__Exercise instructions__
Starting with the first line and ending with the one that holds "Definition minseq (a", retype the entries exactly.

-------- Data to use --------

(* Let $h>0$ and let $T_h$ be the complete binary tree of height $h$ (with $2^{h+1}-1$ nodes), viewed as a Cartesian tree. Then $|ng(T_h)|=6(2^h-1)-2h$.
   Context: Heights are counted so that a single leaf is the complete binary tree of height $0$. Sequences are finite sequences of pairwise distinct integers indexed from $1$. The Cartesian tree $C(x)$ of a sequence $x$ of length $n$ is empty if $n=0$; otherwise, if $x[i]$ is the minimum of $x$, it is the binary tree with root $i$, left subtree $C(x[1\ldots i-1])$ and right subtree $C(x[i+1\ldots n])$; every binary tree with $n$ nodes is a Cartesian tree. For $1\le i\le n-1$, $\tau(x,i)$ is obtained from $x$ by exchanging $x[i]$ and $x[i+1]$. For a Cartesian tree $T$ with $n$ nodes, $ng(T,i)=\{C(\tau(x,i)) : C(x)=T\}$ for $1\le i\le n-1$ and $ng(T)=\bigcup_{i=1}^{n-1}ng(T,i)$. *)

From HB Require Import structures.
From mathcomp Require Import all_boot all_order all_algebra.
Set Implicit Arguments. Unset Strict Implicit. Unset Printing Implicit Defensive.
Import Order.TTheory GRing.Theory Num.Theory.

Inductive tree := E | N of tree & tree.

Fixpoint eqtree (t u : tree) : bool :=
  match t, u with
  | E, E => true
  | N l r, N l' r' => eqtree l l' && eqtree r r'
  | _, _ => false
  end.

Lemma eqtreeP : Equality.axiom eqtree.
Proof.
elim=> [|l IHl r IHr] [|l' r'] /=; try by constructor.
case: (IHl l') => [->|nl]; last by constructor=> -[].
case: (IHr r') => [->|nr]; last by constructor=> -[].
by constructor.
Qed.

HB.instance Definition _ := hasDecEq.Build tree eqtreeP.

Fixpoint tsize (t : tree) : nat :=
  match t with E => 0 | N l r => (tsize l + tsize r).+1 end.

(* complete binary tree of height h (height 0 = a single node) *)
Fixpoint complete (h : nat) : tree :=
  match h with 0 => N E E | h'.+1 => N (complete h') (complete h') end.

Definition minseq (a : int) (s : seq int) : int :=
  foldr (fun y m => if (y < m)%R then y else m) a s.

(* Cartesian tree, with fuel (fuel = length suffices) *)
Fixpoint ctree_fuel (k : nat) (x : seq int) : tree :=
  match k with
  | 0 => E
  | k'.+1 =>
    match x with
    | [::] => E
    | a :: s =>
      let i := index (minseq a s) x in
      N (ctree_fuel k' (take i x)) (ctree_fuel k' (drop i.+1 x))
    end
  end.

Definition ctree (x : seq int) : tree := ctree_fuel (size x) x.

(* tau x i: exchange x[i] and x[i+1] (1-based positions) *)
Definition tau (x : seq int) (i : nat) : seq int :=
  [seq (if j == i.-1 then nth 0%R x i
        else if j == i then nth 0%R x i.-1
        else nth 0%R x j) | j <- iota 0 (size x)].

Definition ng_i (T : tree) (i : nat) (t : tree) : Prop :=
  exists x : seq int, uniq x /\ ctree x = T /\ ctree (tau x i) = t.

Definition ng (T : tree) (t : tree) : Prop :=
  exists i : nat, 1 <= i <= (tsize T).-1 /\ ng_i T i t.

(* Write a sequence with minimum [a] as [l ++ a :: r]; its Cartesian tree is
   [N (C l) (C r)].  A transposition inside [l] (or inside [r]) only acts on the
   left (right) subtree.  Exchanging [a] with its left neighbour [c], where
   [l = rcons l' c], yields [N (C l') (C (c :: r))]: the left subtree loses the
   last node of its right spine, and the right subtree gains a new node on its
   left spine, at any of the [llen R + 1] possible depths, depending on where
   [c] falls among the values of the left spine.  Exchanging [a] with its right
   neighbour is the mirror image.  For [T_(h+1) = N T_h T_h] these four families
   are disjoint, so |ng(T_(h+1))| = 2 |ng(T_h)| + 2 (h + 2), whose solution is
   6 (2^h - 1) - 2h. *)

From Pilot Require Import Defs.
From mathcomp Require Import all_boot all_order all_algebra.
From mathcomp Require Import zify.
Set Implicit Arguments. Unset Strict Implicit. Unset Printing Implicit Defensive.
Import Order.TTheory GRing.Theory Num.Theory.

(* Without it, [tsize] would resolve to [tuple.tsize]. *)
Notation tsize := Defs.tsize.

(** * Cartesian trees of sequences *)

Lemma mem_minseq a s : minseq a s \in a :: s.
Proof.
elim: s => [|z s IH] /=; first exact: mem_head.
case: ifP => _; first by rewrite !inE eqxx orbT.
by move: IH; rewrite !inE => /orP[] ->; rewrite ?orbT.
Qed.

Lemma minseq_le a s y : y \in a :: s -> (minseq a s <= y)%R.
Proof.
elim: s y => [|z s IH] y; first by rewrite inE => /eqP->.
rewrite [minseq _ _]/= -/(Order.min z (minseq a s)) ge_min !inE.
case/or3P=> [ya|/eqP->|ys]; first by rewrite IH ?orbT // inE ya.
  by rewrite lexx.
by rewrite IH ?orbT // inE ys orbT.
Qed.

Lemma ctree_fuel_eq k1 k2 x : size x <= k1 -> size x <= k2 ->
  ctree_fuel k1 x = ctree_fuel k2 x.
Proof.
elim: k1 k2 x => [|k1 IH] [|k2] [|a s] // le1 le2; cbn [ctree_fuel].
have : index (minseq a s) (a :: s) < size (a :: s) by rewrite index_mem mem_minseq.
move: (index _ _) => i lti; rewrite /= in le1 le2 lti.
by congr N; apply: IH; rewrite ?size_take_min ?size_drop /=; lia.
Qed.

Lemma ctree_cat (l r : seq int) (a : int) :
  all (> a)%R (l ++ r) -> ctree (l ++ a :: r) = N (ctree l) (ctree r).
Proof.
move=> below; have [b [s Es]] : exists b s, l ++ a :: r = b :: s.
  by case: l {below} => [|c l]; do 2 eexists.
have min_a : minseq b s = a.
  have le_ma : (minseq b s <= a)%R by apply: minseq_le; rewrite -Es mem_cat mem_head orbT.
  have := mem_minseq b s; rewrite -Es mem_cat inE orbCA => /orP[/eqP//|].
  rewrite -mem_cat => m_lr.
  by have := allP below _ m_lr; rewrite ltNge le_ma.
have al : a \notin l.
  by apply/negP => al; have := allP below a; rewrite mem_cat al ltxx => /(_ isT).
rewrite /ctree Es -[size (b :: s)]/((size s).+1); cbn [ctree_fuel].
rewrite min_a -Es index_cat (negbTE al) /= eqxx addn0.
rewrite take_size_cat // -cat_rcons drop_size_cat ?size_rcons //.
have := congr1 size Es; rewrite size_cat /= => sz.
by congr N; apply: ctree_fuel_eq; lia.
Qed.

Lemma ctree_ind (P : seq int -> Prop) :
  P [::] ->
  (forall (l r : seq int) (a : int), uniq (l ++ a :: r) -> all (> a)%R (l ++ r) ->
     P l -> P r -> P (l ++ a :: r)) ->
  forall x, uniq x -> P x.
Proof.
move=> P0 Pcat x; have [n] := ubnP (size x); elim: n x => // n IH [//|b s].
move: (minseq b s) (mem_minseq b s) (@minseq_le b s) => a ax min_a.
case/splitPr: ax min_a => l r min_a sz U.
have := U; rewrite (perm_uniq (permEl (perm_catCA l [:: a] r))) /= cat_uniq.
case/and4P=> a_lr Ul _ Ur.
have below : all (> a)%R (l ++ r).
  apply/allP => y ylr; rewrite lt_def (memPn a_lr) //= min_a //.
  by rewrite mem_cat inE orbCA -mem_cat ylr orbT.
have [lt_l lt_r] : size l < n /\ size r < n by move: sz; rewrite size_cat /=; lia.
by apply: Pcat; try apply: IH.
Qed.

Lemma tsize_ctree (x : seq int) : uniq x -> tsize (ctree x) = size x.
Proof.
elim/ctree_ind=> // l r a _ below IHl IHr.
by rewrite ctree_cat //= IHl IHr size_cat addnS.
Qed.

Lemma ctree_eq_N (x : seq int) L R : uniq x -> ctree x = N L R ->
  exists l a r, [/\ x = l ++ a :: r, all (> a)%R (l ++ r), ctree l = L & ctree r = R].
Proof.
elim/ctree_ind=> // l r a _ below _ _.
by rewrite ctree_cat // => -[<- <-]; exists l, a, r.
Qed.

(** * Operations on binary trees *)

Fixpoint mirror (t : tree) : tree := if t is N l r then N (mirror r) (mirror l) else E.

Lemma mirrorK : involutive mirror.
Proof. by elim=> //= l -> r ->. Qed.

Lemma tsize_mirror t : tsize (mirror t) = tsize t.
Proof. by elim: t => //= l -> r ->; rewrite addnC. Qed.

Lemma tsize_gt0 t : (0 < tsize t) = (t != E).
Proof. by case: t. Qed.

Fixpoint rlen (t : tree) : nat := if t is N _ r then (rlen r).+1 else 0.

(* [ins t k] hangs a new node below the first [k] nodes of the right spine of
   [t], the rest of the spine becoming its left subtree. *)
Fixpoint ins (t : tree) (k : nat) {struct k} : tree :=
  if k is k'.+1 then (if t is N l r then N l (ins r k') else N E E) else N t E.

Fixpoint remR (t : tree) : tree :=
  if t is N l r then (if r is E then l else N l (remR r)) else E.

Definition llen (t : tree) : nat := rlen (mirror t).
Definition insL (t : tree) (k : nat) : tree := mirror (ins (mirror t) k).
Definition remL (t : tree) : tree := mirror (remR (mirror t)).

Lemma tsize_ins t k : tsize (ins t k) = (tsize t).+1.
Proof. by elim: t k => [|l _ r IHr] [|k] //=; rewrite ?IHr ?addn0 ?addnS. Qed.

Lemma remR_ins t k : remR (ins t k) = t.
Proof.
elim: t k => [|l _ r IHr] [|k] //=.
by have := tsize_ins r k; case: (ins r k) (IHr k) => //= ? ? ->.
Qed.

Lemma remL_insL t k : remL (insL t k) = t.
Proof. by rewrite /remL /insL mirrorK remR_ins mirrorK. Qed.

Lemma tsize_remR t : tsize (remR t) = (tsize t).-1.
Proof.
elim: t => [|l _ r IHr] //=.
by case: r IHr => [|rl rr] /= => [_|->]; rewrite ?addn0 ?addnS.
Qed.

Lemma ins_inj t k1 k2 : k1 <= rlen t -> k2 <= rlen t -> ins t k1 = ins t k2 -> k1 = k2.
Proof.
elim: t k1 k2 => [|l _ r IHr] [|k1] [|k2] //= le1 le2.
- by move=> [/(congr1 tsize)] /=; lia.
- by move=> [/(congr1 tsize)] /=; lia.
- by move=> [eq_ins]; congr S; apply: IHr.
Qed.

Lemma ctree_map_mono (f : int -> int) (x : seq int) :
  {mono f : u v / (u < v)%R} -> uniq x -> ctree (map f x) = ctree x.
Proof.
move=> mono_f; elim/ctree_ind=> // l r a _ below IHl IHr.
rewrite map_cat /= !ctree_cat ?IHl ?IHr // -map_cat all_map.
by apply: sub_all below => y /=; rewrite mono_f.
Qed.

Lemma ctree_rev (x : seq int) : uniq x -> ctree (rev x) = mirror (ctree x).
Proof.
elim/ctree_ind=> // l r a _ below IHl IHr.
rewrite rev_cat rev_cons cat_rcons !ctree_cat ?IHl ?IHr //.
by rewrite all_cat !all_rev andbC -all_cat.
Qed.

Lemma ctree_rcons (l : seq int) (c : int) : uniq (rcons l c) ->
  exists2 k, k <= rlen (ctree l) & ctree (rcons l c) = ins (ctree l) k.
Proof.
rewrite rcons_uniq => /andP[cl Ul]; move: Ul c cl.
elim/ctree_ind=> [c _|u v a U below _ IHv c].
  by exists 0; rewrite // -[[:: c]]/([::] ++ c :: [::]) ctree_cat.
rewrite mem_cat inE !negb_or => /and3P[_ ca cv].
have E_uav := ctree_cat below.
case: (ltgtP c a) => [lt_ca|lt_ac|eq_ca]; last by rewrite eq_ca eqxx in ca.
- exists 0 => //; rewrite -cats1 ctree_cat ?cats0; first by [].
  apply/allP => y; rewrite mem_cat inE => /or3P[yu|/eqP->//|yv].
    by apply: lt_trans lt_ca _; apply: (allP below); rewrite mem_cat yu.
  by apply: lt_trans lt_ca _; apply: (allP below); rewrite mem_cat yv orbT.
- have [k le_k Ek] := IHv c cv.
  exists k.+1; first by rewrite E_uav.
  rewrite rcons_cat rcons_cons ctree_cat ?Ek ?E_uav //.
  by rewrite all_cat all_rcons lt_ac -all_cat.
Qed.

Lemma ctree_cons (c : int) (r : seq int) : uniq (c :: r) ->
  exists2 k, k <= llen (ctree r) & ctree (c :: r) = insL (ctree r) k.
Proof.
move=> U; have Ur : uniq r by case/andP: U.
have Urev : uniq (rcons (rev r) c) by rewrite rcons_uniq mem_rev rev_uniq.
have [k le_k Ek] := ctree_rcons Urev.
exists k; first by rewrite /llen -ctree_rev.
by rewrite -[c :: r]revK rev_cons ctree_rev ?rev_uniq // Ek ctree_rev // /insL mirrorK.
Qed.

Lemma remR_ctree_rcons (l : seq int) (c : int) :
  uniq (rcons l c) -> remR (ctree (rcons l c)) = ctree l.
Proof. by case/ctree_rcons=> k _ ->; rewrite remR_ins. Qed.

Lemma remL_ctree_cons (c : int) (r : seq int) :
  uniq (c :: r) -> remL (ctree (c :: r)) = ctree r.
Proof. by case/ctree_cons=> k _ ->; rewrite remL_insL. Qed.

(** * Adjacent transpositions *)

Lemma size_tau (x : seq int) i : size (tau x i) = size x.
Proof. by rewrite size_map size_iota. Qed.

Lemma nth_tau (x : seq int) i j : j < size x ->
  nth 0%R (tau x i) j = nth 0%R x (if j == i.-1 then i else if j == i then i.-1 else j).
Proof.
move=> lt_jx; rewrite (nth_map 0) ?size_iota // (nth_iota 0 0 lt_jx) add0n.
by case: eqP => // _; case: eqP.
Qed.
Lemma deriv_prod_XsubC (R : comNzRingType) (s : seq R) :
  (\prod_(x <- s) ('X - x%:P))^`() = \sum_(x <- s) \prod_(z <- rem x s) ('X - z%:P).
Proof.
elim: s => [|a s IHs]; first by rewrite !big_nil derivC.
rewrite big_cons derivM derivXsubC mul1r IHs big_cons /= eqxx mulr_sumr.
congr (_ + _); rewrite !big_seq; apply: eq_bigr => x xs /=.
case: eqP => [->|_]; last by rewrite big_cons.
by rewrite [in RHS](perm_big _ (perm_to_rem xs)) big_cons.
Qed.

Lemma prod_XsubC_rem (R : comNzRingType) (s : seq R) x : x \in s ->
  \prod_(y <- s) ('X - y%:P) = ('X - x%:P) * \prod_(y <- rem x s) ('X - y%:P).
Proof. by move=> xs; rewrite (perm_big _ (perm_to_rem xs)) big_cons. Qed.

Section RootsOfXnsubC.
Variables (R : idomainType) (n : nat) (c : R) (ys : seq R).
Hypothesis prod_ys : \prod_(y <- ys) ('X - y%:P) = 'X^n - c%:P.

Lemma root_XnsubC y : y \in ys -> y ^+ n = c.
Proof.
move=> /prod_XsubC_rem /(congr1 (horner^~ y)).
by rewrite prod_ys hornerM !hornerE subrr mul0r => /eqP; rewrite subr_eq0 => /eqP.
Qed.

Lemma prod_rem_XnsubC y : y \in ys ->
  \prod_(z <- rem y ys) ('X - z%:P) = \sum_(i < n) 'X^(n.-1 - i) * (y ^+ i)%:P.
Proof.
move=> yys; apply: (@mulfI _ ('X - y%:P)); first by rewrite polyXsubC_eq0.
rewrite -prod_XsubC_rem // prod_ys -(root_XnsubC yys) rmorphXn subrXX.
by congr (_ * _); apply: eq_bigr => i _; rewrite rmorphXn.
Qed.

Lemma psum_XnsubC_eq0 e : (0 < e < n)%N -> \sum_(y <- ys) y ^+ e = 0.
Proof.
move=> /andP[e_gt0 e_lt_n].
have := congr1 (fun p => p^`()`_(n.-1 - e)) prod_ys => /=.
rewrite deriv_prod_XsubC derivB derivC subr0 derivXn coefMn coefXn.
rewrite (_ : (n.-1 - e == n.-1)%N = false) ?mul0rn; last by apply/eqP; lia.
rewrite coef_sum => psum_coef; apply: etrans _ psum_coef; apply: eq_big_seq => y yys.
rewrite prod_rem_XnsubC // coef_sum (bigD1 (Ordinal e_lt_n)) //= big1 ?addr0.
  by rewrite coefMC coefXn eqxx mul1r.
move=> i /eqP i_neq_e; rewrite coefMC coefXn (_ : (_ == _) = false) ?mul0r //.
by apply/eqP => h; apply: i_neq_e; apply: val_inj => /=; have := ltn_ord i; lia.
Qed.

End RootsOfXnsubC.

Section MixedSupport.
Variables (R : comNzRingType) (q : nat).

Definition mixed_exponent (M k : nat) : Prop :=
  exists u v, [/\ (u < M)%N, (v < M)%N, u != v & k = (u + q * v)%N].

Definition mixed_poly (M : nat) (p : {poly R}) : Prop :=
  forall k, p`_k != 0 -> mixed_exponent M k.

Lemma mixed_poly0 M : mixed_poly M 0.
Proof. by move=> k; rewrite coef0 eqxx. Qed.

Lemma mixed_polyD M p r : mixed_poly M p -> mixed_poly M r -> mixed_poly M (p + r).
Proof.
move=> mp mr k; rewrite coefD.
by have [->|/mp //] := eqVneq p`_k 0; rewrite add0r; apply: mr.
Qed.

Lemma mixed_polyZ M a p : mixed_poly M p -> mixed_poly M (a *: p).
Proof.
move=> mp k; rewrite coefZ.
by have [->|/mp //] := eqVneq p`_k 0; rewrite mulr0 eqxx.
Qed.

--------

__Reply__
(* Let $h>0$ and let $T_h$ be the complete binary tree of height $h$ (with $2^{h+1}-1$ nodes), viewed as a Cartesian tree. Then $|ng(T_h)|=6(2^h-1)-2h$.
   Context: Heights are counted so that a single leaf is the complete binary tree of height $0$. Sequences are finite sequences of pairwise distinct integers indexed from $1$. The Cartesian tree $C(x)$ of a sequence $x$ of length $n$ is empty if $n=0$; otherwise, if $x[i]$ is the minimum of $x$, it is the binary tree with root $i$, left subtree $C(x[1\ldots i-1])$ and right subtree $C(x[i+1\ldots n])$; every binary tree with $n$ nodes is a Cartesian tree. For $1\le i\le n-1$, $\tau(x,i)$ is obtained from $x$ by exchanging $x[i]$ and $x[i+1]$. For a Cartesian tree $T$ with $n$ nodes, $ng(T,i)=\{C(\tau(x,i)) : C(x)=T\}$ for $1\le i\le n-1$ and $ng(T)=\bigcup_{i=1}^{n-1}ng(T,i)$. *)

From HB Require Import structures.
From mathcomp Require Import all_boot all_order all_algebra.
Set Implicit Arguments. Unset Strict Implicit. Unset Printing Implicit Defensive.
Import Order.TTheory GRing.Theory Num.Theory.

Inductive tree := E | N of tree & tree.

Fixpoint eqtree (t u : tree) : bool :=
  match t, u with
  | E, E => true
  | N l r, N l' r' => eqtree l l' && eqtree r r'
  | _, _ => false
  end.

Lemma eqtreeP : Equality.axiom eqtree.
Proof.
elim=> [|l IHl r IHr] [|l' r'] /=; try by constructor.
case: (IHl l') => [->|nl]; last by constructor=> -[].
case: (IHr r') => [->|nr]; last by constructor=> -[].
by constructor.
Qed.

HB.instance Definition _ := hasDecEq.Build tree eqtreeP.

Fixpoint tsize (t : tree) : nat :=
  match t with E => 0 | N l r => (tsize l + tsize r).+1 end.

(* complete binary tree of height h (height 0 = a single node) *)
Fixpoint complete (h : nat) : tree :=
  match h with 0 => N E E | h'.+1 => N (complete h') (complete h') end.

Definition minseq (a : int) (s : seq int) : int :=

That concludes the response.